YOUR OBJECTIVE
The line containing "(P1, P2) is" marks the end; copy exactly all lines from the start of the material up to and including it.
__________________________________________________
(* Let $\mathbf{X}$ be a finite tournament isomorphic to an induced subtournament of $\mathbf{S}(2)$. Then every extension of $\mathbf{X}$ in $\mathcal{P}_2$ embeds into every extension of $\mathbf{S}(2)$.
   Context: $\mathbf{S}(2)$ is the tournament whose vertices are the points of the unit circle of $\mathbb{C}$ with rational argument, with an arc from $x$ to $y$ iff $0<\arg(y/x)<\pi$. For a structure $\mathbf{A}=(A,<^{\mathbf{A}},P_1,P_2)$ with $<^{\mathbf{A}}$ a linear order on $A$ and $(P_1,P_2)$ a partition of $A$, writing $a\sim b$ when $a,b$ lie in the same part, $p(\mathbf{A})$ is the tournament on $A$ with an arc from $a$ to $b$ iff either ($a\sim b$ and $a<^{\mathbf{A}}b$) or ($a\not\sim b$ and $b<^{\mathbf{A}}a$). An extension of a tournament $\mathbf{X}$ is any such $\mathbf{A}$ with $p(\mathbf{A})=\mathbf{X}$; $\mathcal{P}_2$ is the class of finite such structures. In particular an extension of $\mathbf{S}(2)$ is a structure $(\mathbf{S}(2),<,B_1,B_2)$ with $p$ of it equal to $\mathbf{S}(2)$. An embedding is an order-preserving injection mapping $P_i$ into $B_i$ and the complement of $P_i$ into the complement of $B_i$. *)

From Stdlib Require Import Reals QArith Qcanon Qreals.
From mathcomp Require Import all_boot.

Open Scope R_scope.

(** Vertices of S(2): points e^{i q} of the unit circle whose argument q
    (taken in [0, 2*PI)) is rational.  A point is identified with its
    argument; Qc gives canonical rationals, so distinct vertices are
    distinct points. *)
Definition S2vertex : Type := {q : Qc | 0 <= Q2R q < 2 * PI}.

Definition angle (x : S2vertex) : R := Q2R (proj1_sig x).

Definition arg_quot (x y : S2vertex) : R :=
  let d := angle y - angle x in
  if Rle_dec 0 d then d else d + 2 * PI.

Definition S2arc (x y : S2vertex) : Prop := 0 < arg_quot x y < PI.

Close Scope R_scope.

Definition is_tournament {V : Type} (arc : V -> V -> Prop) : Prop :=
  (forall x, ~ arc x x) /\
  (forall x y, x <> y -> arc x y \/ arc y x) /\
  (forall x y, arc x y -> ~ arc y x).

Definition strict_linear_order {V : Type} (lt : V -> V -> Prop) : Prop :=
  (forall x, ~ lt x x) /\
  (forall x y z, lt x y -> lt y z -> lt x z) /\
  (forall x y, x <> y -> lt x y \/ lt y x).

(** The tournament p(A) for A = (V, lt, P1, P2), where the partition
    (P1, P2) is encoded by the predicate P1 : V -> bool
    (P1 = [x | P1 x], P2 = [x | ~~ P1 x]). *)
Definition p_arc {V : Type} (lt : V -> V -> Prop) (P1 : V -> bool)
  (a b : V) : Prop :=
  (P1 a = P1 b /\ lt a b) \/ (P1 a <> P1 b /\ lt b a).

Definition is_extension {V : Type} (arc : V -> V -> Prop)
  (lt : V -> V -> Prop) (P1 : V -> bool) : Prop :=
  strict_linear_order lt /\ (forall a b, arc a b <-> p_arc lt P1 a b).

Definition embeds {U V : Type} (ltU : U -> U -> Prop) (P1U : U -> bool)
  (ltV : V -> V -> Prop) (P1V : V -> bool) : Prop :=
  exists f : U -> V,
    injective f /\
    (forall a b, ltU a b -> ltV (f a) (f b)) /\
    (forall a, P1V (f a) = P1U a).

From Stdlib Require Import Reals QArith Qcanon Qreals Lra.
From mathcomp Require Import all_boot.
From mathcomp Require Import boolp.

(* The rational points are dense on the circle, so in S(2) any two vertices
   x -> y admit a vertex v with any prescribed directions of the arcs between
   v and x and between v and y.  In an extension (S(2), <, B1, B2) the arc
   relations of v to u and to w fix its position with respect to u and w once
   its colour is known; choosing them suitably yields, between any u < w,
   vertices of both colours.  A finite 2-coloured linear order is then embedded
   by choosing the images of its elements one after the other, in increasing
   order, inside a fixed interval (u0, w0). *)

Local Open Scope R_scope.

Lemma exists_Qc_between (lo hi : R) : lo < hi -> exists q : Qc, lo < Q2R q < hi.
Proof.
move=> lt_lo_hi.
have [n_gt _] := archimed (/ (hi - lo)); set n := up _ in n_gt.
have inv_gt0 : 0 < / (hi - lo) by apply: Rinv_0_lt_compat; lra.
have n_gt0 : (0 < n)%Z by apply: lt_0_IZR; lra.
have gap : 1 < IZR n * (hi - lo).
  rewrite -(Rinv_l (hi - lo)); last lra.
  by apply: Rmult_lt_compat_r; lra.
have [m_gt m_le] := archimed (lo * IZR n); set m := up _ in m_gt m_le.
(* [m / n] lies in (lo, hi) since [m - 1 <= lo * n < m] and [n * (hi - lo) > 1]. *)
exists (Q2Qc (m # Z.to_pos n)).
rewrite (Qeq_eqR _ _ (Qred_correct _)) /Q2R /= Z2Pos.id //.
have IZR_n_gt0 : 0 < IZR n by apply: IZR_lt.
split; apply: (Rmult_lt_reg_r (IZR n)) => //; rewrite Rmult_assoc Rinv_l; lra.
Qed.

Lemma arg_quotE (x y : S2vertex) :
  0 <= arg_quot x y < 2 * PI /\
  (arg_quot x y = angle y - angle x \/ arg_quot x y = angle y - angle x + 2 * PI).
Proof.
have [x_ge0 x_lt] := proj2_sig x; have [y_ge0 y_lt] := proj2_sig y.
rewrite /arg_quot /angle; case: Rle_dec => /= d_sgn; lra.
Qed.

Lemma exists_angle_between (lo hi : R) :
  0 <= lo < hi -> hi <= 2 * PI -> exists v : S2vertex, lo < angle v < hi.
Proof.
move=> lo_bd hi_bd; have [q q_bd] := exists_Qc_between lo hi ltac:(lra).
have q_vertex : 0 <= Q2R q < 2 * PI by lra.
by exists (exist _ q q_vertex).
Qed.

Lemma exists_arg_quot_between (x : S2vertex) (lo hi : R) :
  0 <= lo < hi -> hi <= 2 * PI -> exists v, lo < arg_quot x v < hi.
Proof.
move=> lo_bd hi_bd; have [x_ge0 x_lt] : 0 <= angle x < 2 * PI := proj2_sig x.
have [v v_bd] : exists v, angle x + lo - 2 * PI < angle v < angle x + hi - 2 * PI \/
                          angle x + lo < angle v < angle x + hi.
  have [wrap | no_wrap] := Rle_lt_dec (2 * PI) (angle x + lo).
  - have [v v_bd] := exists_angle_between (angle x + lo - 2 * PI) (angle x + hi - 2 * PI)
      ltac:(lra) ltac:(lra).
    by exists v; left.
  - have [v v_bd] := exists_angle_between (angle x + lo) (Rmin (angle x + hi) (2 * PI))
      ltac:(split; [lra | apply: Rmin_case; lra]) (Rmin_r _ _).
    by exists v; right; have := Rmin_l (angle x + hi) (2 * PI); lra.
by exists v; have := arg_quotE x v; lra.
Qed.

Lemma S2arc_exists : exists x y : S2vertex, S2arc x y.
Proof.
have [PI_gt0 PI_gt1] := (PI_RGT_0, PI2_1).
have [x _] := exists_angle_between 0 1 ltac:(lra) ltac:(lra).
have [y xy] := exists_arg_quot_between x 0 PI ltac:(lra) ltac:(lra).
by exists x, y.
Qed.

Definition two_point_extension_property {V : Type} (arc : V -> V -> Prop) : Prop :=
  forall x y, arc x y -> forall p q : bool, exists v,
    (if p then arc x v else arc v x) /\ (if q then arc y v else arc v y).

Lemma S2_two_point_extension : two_point_extension_property S2arc.
Proof.
rewrite /two_point_extension_property /S2arc => x y xy p q.
have PI_gt0 := PI_RGT_0.
(* With [t = arg_quot x v] and [d = arg_quot x y], the arcs between v and x are
   read off [t], those between v and y off [t - d] modulo [2 * PI]. *)
pose lo (p q : bool) := if p then (if q then arg_quot x y else 0)
           else (if q then PI else PI + arg_quot x y).
pose hi (p q : bool) := if p then (if q then PI else arg_quot x y)
           else (if q then PI + arg_quot x y else 2 * PI).
have [v v_bd] := exists_arg_quot_between x (lo p q) (hi p q)
  ltac:(by rewrite /lo /hi; case: p q => [] []; lra)
  ltac:(by rewrite /hi; case: p q => [] []; lra).
exists v; move: v_bd; rewrite /lo /hi.
have := arg_quotE x y; have := arg_quotE x v; have := arg_quotE y v.
have := arg_quotE v x; have := arg_quotE v y.
by case: p q => [] [] /=; lra.
Qed.

Local Close Scope R_scope.
Local Open Scope nat_scope.

Definition colored_dense {V : Type} (lt : V -> V -> Prop) (P : V -> bool) : Prop :=
  forall u w b, lt u w -> exists v, lt u v /\ lt v w /\ P v = b.

Section Extension.

Context {V : Type} {arc lt : V -> V -> Prop} {P : V -> bool}.
Hypothesis ext : is_extension arc lt P.

Lemma ext_ltE a b : lt a b <-> if P a == P b then arc a b else arc b a.
Proof.
have [_ arcE] := ext.
case: eqP => [same | diff]; split.
- by move=> ab; apply/arcE; left.
- by case/arcE => [[] | [] /(_ same)].
- by move=> ab; apply/arcE; right; split=> // /esym.
- by case/arcE => [[/esym] | []].
Qed.

Lemma ext_comparable_of_arc a b : arc a b -> lt a b \/ lt b a.
Proof.
move=> ab; case Pab: (P a == P b); [left | right]; apply/ext_ltE.
  by rewrite Pab.
by rewrite eq_sym Pab.
Qed.

Lemma ext_above_of_arc u v b :
  (if P u == b then arc u v else arc v u) -> if P v == b then lt u v else lt v u.
Proof.
have := ext_ltE u v; have := ext_ltE v u.
by case: (P u) (P v) b => [] [] [] /= [_ vu] [_ uv]; auto.
Qed.

Lemma ext_below_of_arc w v b :
  (if P w == b then arc v w else arc w v) -> if P v == b then lt v w else lt w v.
Proof.
have := ext_ltE v w; have := ext_ltE w v.
by case: (P w) (P v) b => [] [] [] /= [_ wv] [_ vw]; auto.
Qed.

Lemma ext_colored_dense : two_point_extension_property arc -> colored_dense lt P.
Proof.
have [[irr [trans _]] _] := ext.
move=> two_pt u w b uw.
have [v [above below]] : exists v,
    (if P u == b then arc u v else arc v u) /\ (if P w == b then arc v w else arc w v).
  have /ext_ltE := uw; case: ifP => _ arc_uw.
  - have [v [above below]] := two_pt u w arc_uw (P u == b) (P w != b).
    by rewrite if_neg in below; exists v.
  - have [v [below above]] := two_pt w u arc_uw (P w != b) (P u == b).
    by rewrite if_neg in below; exists v.
(* If v has the other colour, both comparisons flip: [w < v < u]. *)
move/ext_above_of_arc: above; move/ext_below_of_arc: below.
exists v; case: eqP above below => [// | _ vu wv].
by case: (irr u); apply: trans uw (trans _ _ _ wv vu).
Qed.

End Extension.

Lemma strict_mono_inj {U : eqType} {W : Type} {ltU : U -> U -> Prop}
    {ltW : W -> W -> Prop} {f : U -> W} :
  (forall a b, a <> b -> ltU a b \/ ltU b a) -> (forall y, ~ ltW y y) ->
  (forall a b, ltU a b -> ltW (f a) (f b)) -> injective f.
Proof.
move=> tot irr mono a b fab; case: (eqVneq a b) => // /eqP/tot [] /mono;
  by rewrite fab => /irr.
Qed.

Lemma exists_rank {T : finType} {lt : T -> T -> Prop} :
  (forall x, ~ lt x x) -> (forall x y z, lt x y -> lt y z -> lt x z) ->
  exists r : T -> nat, forall a b, lt a b -> r a < r b.
Proof.
move=> irr trans; exists (fun x => #|[set y | `[< lt y x >]]|) => a b ab.
apply/proper_card/properP; split.
- by apply/subsetP => y; rewrite !inE => /asboolP ya; apply/asboolP/(trans _ _ _ ya ab).
- by exists a; rewrite !inE; [apply/asboolP | apply/asboolPn/irr].
Qed.

Lemma exists_factor_through_inj {T : finType} {U : eqType} {R : Type} {r : T -> U}
    (g : T -> R) (dflt : R) :
  injective r -> exists L : U -> R, forall x, L (r x) = g x.
Proof.
move=> r_inj; exists (fun u => if [pick x | r x == u] is Some x then g x else dflt) => x.
by case: pickP => [y /eqP/r_inj -> | /(_ x)]; rewrite ?eqxx.
Qed.

Lemma increasing_colored_chain {V : Type} {lt : V -> V -> Prop} {P : V -> bool} (v0 : V) :
  (forall x y z, lt x y -> lt y z -> lt x z) ->
  (forall u b, exists v, lt u v /\ P v = b) ->
  forall L : nat -> bool,
    exists h : nat -> V, (forall k m, k < m -> lt (h k) (h m)) /\ forall k, P (h k) = L k.
Proof.
move=> trans next L.
have [nx nxP] : {nx : V * bool -> V & forall ub, lt ub.1 (nx ub) /\ P (nx ub) = ub.2}.
  by apply: (@choice _ _ (fun ub v => lt ub.1 v /\ P v = ub.2)) => ub; apply: next.
pose h := fix h k := nx (if k is k'.+1 then h k' else v0, L k).
exists h; split; last by case=> [|k]; exact: (nxP _).2.
by apply: homo_ltn => [y x z|k]; [exact: trans | exact: (nxP (h k, L k.+1)).1].
Qed.

Lemma embeds_into_colored_dense (T : finType) (ltA : T -> T -> Prop) (P1A : T -> bool)
    (V : Type) (lt : V -> V -> Prop) (P : V -> bool) :
  strict_linear_order ltA -> strict_linear_order lt -> (exists u w, lt u w) ->
  colored_dense lt P -> embeds ltA P1A lt P.
Proof.
move=> [irrA [transA totA]] [irr [trans _]] [u0 [w0 u0w0]] dense.
have [r r_mono] := exists_rank irrA transA.
have nat_irr (k : nat) : ~ k < k by rewrite ltnn.
have r_inj := strict_mono_inj (ltW := fun m n => m < n) totA nat_irr r_mono.
have [L rL] := exists_factor_through_inj P1A true r_inj.
pose W := {v | lt v w0}.
have W_next (u : W) b : exists v : W, lt (sval u) (sval v) /\ P (sval v) = b.
  have [v [uv [vw0 Pv]]] := dense _ w0 b (svalP u).
  by exists (exist _ v vw0).
have [h [h_mono hL]] := increasing_colored_chain (exist _ u0 u0w0)
  (fun x y z => trans (sval x) (sval y) (sval z)) W_next L.
have f_mono a b : ltA a b -> lt (sval (h (r a))) (sval (h (r b))) by move/r_mono/h_mono.
exists (fun a => sval (h (r a))); split; first exact: strict_mono_inj totA irr f_mono.
by split=> // a; rewrite hL rL.
Qed.

Theorem lemma5 (T : finType) (arcX : T -> T -> Prop) :
  is_tournament arcX ->
  (exists g : T -> S2vertex,
      injective g /\ (forall x y, arcX x y <-> S2arc (g x) (g y))) ->
  forall (ltA : T -> T -> Prop) (P1A : T -> bool),
    is_extension arcX ltA P1A ->
  forall (ltS : S2vertex -> S2vertex -> Prop) (B1 : S2vertex -> bool),
    is_extension S2arc ltS B1 ->
  embeds ltA P1A ltS B1.
Proof.
move=> _ _ ltA P1A [ordA _] ltS B1 extS.
apply: embeds_into_colored_dense ordA extS.1 _ _.
- have [x [y xy]] := S2arc_exists.
  by case: (ext_comparable_of_arc extS x y xy) => ?; [exists x, y | exists y, x].
- exact: ext_colored_dense extS S2_two_point_extension.
Qed.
__________________________________________________
RESPONSE
(* Let $\mathbf{X}$ be a finite tournament isomorphic to an induced subtournament of $\mathbf{S}(2)$. Then every extension of $\mathbf{X}$ in $\mathcal{P}_2$ embeds into every extension of $\mathbf{S}(2)$.
   Context: $\mathbf{S}(2)$ is the tournament whose vertices are the points of the unit circle of $\mathbb{C}$ with rational argument, with an arc from $x$ to $y$ iff $0<\arg(y/x)<\pi$. For a structure $\mathbf{A}=(A,<^{\mathbf{A}},P_1,P_2)$ with $<^{\mathbf{A}}$ a linear order on $A$ and $(P_1,P_2)$ a partition of $A$, writing $a\sim b$ when $a,b$ lie in the same part, $p(\mathbf{A})$ is the tournament on $A$ with an arc from $a$ to $b$ iff either ($a\sim b$ and $a<^{\mathbf{A}}b$) or ($a\not\sim b$ and $b<^{\mathbf{A}}a$). An extension of a tournament $\mathbf{X}$ is any such $\mathbf{A}$ with $p(\mathbf{A})=\mathbf{X}$; $\mathcal{P}_2$ is the class of finite such structures. In particular an extension of $\mathbf{S}(2)$ is a structure $(\mathbf{S}(2),<,B_1,B_2)$ with $p$ of it equal to $\mathbf{S}(2)$. An embedding is an order-preserving injection mapping $P_i$ into $B_i$ and the complement of $P_i$ into the complement of $B_i$. *)

From Stdlib Require Import Reals QArith Qcanon Qreals.
From mathcomp Require Import all_boot.

Open Scope R_scope.

(** Vertices of S(2): points e^{i q} of the unit circle whose argument q
    (taken in [0, 2*PI)) is rational.  A point is identified with its
    argument; Qc gives canonical rationals, so distinct vertices are
    distinct points. *)
Definition S2vertex : Type := {q : Qc | 0 <= Q2R q < 2 * PI}.

Definition angle (x : S2vertex) : R := Q2R (proj1_sig x).

Definition arg_quot (x y : S2vertex) : R :=
  let d := angle y - angle x in
  if Rle_dec 0 d then d else d + 2 * PI.

Definition S2arc (x y : S2vertex) : Prop := 0 < arg_quot x y < PI.

Close Scope R_scope.

Definition is_tournament {V : Type} (arc : V -> V -> Prop) : Prop :=
  (forall x, ~ arc x x) /\
  (forall x y, x <> y -> arc x y \/ arc y x) /\
  (forall x y, arc x y -> ~ arc y x).

Definition strict_linear_order {V : Type} (lt : V -> V -> Prop) : Prop :=
  (forall x, ~ lt x x) /\
  (forall x y z, lt x y -> lt y z -> lt x z) /\
  (forall x y, x <> y -> lt x y \/ lt y x).

(** The tournament p(A) for A = (V, lt, P1, P2), where the partition
    (P1, P2) is encoded by the predicate P1 : V -> bool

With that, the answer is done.